## Aim of the task:
Give again, word for word, every line below from the one that has "(* [b] is a strict" through the one that has "rewrite lee_fin; apply: le_trans.", both included, and no others.

Dataset content section start

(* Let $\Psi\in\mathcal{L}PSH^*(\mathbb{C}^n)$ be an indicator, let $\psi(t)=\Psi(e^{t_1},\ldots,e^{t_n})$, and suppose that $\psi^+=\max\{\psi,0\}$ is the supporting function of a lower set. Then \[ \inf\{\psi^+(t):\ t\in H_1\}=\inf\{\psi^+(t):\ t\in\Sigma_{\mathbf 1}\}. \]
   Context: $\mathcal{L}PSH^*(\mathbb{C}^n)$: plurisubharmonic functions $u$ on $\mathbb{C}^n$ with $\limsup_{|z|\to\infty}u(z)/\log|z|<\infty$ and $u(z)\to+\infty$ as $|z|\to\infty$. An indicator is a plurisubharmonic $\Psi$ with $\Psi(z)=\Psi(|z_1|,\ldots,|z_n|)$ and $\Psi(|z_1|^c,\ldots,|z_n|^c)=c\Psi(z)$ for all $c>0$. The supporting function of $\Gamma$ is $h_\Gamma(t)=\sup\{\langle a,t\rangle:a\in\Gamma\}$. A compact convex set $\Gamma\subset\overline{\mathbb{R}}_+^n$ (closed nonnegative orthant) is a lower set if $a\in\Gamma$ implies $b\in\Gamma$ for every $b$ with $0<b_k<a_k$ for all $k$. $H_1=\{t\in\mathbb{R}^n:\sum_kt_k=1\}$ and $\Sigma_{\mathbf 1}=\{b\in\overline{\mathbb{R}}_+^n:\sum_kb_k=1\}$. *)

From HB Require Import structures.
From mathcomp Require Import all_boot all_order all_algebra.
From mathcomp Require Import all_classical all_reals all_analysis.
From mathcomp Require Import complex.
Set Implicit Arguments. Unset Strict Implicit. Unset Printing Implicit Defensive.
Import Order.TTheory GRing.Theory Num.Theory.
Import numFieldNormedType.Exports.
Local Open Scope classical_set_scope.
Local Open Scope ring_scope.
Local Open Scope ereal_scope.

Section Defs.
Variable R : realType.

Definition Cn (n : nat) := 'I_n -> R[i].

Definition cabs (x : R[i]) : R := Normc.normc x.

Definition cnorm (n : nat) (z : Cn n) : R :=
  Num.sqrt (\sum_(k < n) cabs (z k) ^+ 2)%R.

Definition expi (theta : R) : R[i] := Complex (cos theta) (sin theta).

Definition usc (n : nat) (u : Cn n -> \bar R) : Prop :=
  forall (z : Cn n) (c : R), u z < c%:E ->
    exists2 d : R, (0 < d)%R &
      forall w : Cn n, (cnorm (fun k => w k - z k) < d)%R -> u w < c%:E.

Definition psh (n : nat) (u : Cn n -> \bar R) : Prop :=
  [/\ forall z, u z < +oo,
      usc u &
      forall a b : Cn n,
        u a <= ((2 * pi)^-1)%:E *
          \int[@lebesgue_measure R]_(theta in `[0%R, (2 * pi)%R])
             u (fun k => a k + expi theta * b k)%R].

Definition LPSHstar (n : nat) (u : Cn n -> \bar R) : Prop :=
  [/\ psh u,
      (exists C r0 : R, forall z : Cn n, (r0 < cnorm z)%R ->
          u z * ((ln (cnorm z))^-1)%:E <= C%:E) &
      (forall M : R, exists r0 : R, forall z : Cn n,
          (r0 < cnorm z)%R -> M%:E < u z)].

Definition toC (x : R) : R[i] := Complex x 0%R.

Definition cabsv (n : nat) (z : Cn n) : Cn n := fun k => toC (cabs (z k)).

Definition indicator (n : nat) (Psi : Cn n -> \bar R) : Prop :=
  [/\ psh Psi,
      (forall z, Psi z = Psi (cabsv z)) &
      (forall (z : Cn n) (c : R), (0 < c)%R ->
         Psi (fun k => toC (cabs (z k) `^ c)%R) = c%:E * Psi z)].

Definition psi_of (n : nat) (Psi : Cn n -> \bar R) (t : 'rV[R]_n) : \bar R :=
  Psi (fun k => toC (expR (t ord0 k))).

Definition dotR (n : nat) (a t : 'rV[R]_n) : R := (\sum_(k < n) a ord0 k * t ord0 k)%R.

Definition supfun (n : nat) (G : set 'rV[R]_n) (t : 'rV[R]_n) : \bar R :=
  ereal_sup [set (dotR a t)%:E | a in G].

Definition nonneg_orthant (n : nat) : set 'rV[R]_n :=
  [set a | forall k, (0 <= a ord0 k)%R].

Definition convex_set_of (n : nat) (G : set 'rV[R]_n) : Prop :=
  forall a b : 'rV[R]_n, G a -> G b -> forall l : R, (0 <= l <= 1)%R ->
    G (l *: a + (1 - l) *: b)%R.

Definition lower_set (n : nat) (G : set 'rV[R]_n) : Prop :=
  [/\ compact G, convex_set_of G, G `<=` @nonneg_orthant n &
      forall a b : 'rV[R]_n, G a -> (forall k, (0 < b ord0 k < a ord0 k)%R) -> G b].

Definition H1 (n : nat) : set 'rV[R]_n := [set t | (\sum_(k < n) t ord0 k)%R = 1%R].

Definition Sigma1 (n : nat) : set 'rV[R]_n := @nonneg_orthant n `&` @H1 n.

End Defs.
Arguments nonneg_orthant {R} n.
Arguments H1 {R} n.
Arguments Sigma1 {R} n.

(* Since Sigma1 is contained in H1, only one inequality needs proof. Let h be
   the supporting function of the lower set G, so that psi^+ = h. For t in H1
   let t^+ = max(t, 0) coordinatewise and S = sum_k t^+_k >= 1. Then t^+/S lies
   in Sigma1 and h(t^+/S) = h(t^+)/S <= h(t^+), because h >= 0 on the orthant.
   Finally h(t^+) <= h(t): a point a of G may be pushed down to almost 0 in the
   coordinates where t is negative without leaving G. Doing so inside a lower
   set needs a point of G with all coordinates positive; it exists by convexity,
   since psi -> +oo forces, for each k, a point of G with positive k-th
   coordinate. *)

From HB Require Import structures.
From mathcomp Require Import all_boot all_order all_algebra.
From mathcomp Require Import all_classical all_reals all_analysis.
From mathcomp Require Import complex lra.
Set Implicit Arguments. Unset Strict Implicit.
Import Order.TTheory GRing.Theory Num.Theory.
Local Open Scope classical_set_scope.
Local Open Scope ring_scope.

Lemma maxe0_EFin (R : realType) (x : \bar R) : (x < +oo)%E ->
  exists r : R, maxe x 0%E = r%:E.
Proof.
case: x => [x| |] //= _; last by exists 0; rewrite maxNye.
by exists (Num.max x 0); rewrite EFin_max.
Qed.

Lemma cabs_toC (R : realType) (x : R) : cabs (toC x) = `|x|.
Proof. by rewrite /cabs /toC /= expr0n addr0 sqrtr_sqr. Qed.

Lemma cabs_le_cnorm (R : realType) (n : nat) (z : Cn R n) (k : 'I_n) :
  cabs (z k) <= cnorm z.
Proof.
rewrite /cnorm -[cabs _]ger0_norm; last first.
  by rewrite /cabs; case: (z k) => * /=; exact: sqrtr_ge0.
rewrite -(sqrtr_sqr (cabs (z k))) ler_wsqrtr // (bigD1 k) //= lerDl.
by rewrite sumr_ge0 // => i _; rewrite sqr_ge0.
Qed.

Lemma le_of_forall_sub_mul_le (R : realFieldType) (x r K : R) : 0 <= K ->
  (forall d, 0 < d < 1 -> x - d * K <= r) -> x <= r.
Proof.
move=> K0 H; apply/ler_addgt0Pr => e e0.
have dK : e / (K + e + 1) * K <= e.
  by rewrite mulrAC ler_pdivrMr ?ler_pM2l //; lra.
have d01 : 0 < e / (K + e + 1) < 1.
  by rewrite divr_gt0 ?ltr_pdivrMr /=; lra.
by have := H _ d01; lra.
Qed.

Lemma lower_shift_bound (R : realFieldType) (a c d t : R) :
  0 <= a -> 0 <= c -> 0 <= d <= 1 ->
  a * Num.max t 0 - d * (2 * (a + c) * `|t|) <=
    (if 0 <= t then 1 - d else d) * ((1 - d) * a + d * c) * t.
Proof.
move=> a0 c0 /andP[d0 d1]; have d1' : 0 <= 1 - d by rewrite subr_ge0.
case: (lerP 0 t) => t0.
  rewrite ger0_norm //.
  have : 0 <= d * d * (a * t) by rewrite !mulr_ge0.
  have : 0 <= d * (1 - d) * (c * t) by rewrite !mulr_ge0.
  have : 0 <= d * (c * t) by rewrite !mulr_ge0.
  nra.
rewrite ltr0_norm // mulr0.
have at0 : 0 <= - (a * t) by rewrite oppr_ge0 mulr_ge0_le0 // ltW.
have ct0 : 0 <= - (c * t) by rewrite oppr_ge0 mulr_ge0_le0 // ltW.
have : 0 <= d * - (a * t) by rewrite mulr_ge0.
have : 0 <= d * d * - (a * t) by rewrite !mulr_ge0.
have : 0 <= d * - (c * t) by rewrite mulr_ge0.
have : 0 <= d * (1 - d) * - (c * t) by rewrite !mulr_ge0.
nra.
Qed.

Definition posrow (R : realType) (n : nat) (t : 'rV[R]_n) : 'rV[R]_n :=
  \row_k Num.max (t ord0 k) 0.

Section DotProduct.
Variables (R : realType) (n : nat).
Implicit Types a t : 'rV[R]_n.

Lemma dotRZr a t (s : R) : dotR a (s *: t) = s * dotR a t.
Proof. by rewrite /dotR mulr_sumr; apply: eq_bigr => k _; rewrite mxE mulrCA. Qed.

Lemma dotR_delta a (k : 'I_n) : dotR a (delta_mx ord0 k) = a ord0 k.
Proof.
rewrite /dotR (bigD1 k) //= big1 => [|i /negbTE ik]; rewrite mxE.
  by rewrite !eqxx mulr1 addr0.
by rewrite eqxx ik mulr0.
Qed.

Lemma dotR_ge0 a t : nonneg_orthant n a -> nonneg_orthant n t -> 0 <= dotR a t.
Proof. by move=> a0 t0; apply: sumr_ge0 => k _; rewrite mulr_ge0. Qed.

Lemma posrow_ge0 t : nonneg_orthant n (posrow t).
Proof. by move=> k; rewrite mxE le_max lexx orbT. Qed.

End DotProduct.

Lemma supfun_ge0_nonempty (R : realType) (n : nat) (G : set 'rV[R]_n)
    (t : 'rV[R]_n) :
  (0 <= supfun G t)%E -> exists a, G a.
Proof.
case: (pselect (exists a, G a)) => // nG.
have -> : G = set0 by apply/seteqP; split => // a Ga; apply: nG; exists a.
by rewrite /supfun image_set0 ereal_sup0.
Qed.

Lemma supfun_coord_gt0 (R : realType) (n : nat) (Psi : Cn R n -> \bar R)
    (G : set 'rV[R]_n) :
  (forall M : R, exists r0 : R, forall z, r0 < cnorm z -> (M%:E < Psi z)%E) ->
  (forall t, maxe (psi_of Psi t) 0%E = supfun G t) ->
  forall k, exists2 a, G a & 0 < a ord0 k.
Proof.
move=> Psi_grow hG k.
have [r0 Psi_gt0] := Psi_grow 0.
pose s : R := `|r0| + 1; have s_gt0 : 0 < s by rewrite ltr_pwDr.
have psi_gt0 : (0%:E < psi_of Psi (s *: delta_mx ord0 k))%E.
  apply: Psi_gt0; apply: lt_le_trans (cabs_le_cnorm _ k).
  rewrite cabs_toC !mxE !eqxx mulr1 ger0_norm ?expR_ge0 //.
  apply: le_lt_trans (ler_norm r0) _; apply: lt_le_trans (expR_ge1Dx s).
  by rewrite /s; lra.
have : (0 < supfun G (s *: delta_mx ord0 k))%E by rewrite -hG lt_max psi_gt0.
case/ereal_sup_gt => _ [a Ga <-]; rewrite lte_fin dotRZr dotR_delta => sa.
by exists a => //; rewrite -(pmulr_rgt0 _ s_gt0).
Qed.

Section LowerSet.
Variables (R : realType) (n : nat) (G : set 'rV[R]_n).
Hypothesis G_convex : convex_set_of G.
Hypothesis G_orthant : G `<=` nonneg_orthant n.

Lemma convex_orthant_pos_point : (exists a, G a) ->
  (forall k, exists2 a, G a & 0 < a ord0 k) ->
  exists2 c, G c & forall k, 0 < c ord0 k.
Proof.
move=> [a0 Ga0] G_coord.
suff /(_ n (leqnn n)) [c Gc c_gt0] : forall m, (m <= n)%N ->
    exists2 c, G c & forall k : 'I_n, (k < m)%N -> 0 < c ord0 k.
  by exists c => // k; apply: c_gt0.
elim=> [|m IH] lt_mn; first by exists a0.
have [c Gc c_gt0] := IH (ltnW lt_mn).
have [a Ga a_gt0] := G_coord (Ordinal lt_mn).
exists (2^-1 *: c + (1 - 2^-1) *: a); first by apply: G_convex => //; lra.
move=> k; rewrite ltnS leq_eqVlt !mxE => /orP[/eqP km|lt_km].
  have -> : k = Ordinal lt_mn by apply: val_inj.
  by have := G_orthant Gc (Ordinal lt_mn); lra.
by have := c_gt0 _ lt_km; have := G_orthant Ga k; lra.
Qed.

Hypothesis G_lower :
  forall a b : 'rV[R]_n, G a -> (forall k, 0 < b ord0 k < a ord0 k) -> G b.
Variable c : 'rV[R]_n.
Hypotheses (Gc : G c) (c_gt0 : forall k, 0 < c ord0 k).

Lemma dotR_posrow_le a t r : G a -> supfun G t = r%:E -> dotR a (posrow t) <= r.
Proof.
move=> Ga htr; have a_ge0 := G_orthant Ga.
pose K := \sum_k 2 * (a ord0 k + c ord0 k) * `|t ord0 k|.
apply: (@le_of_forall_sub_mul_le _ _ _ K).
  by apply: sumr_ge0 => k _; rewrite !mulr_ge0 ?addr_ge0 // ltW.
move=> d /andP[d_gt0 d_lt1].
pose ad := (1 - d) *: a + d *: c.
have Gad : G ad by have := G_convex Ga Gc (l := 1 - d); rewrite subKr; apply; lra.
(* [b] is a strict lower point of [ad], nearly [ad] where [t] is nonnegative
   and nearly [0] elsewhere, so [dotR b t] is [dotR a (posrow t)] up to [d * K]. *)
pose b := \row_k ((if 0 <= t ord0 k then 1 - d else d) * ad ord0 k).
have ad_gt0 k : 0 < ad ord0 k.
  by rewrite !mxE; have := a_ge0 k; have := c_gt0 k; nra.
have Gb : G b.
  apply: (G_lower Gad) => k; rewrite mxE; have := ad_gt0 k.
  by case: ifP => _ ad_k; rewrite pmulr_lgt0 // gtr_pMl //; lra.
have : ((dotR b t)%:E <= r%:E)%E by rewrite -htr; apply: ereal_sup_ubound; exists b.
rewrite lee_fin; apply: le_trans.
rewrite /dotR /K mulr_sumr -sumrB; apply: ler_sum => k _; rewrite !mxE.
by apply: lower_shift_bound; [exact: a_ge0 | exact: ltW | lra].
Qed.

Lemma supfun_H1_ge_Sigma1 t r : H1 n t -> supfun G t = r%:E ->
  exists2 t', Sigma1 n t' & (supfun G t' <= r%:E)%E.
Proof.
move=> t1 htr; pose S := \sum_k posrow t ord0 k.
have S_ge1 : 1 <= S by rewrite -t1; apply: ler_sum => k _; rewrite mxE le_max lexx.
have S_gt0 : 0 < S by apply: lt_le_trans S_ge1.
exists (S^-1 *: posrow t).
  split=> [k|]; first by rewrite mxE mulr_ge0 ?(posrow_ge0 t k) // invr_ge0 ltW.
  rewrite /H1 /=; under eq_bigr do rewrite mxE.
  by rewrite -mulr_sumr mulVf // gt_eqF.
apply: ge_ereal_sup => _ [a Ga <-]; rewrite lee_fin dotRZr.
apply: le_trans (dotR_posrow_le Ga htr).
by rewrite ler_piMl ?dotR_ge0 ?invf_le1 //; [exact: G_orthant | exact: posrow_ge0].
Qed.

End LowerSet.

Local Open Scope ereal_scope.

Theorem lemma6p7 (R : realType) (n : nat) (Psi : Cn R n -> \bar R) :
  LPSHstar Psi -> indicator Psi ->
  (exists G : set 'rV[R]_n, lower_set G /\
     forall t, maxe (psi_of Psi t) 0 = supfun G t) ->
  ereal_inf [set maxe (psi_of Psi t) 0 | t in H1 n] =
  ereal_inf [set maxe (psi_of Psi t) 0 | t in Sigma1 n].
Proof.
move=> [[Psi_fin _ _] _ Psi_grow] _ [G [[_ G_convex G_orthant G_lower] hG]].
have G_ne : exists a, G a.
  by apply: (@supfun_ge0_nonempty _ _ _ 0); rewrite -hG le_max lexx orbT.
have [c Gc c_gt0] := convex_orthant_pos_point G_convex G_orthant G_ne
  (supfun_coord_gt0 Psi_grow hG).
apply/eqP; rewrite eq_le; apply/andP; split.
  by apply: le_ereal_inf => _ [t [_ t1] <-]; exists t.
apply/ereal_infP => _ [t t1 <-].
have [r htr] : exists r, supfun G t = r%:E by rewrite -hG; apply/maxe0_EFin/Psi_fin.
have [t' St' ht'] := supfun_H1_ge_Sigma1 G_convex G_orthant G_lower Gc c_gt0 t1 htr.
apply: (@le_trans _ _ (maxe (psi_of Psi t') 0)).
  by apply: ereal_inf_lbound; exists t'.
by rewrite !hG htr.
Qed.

Dataset content section end

## Result:
(* [b] is a strict lower point of [ad], nearly [ad] where [t] is nonnegative
   and nearly [0] elsewhere, so [dotR b t] is [dotR a (posrow t)] up to [d * K]. *)
pose b := \row_k ((if 0 <= t ord0 k then 1 - d else d) * ad ord0 k).
have ad_gt0 k : 0 < ad ord0 k.
  by rewrite !mxE; have := a_ge0 k; have := c_gt0 k; nra.
have Gb : G b.
  apply: (G_lower Gad) => k; rewrite mxE; have := ad_gt0 k.
  by case: ifP => _ ad_k; rewrite pmulr_lgt0 // gtr_pMl //; lra.
have : ((dotR b t)%:E <= r%:E)%E by rewrite -htr; apply: ereal_sup_ubound; exists b.
rewrite lee_fin; apply: le_trans.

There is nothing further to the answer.